- **Task objective**
Once you find the line with "w0 ^ 2 * (chain_solution N w0 f0 (k" in the data that follows, repeat it and every line after it exactly, through the line with "exact Hw) end.".

- **Provided records**
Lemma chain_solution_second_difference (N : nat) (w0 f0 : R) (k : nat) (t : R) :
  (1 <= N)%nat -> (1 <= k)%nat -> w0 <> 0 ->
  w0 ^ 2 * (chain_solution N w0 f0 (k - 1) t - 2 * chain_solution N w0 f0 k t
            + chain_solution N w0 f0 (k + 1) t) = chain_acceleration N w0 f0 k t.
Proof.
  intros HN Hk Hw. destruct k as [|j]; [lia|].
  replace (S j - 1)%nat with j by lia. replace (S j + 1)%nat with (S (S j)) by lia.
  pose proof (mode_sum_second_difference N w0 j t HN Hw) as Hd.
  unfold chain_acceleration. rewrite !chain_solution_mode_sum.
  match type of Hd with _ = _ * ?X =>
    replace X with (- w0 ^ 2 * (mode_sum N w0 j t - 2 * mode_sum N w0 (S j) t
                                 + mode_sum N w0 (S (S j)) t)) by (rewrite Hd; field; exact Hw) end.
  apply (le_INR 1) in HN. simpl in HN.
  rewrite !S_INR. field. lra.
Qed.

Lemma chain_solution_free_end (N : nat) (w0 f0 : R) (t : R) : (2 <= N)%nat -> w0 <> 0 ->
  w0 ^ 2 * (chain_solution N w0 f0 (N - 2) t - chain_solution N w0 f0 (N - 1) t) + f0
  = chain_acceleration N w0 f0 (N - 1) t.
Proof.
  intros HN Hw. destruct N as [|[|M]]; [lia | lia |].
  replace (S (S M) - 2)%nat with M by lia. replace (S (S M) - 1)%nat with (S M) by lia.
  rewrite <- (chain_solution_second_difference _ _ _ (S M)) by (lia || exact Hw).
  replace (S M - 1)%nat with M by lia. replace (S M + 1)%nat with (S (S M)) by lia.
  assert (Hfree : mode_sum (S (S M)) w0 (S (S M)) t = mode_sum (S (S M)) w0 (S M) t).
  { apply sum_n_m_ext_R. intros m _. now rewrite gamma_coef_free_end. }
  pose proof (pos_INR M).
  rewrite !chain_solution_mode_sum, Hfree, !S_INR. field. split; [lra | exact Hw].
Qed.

- **Finished exercise**
  w0 ^ 2 * (chain_solution N w0 f0 (k - 1) t - 2 * chain_solution N w0 f0 k t
            + chain_solution N w0 f0 (k + 1) t) = chain_acceleration N w0 f0 k t.
Proof.
  intros HN Hk Hw. destruct k as [|j]; [lia|].
  replace (S j - 1)%nat with j by lia. replace (S j + 1)%nat with (S (S j)) by lia.
  pose proof (mode_sum_second_difference N w0 j t HN Hw) as Hd.
  unfold chain_acceleration. rewrite !chain_solution_mode_sum.
  match type of Hd with _ = _ * ?X =>
    replace X with (- w0 ^ 2 * (mode_sum N w0 j t - 2 * mode_sum N w0 (S j) t
                                 + mode_sum N w0 (S (S j)) t)) by (rewrite Hd; field; exact Hw) end.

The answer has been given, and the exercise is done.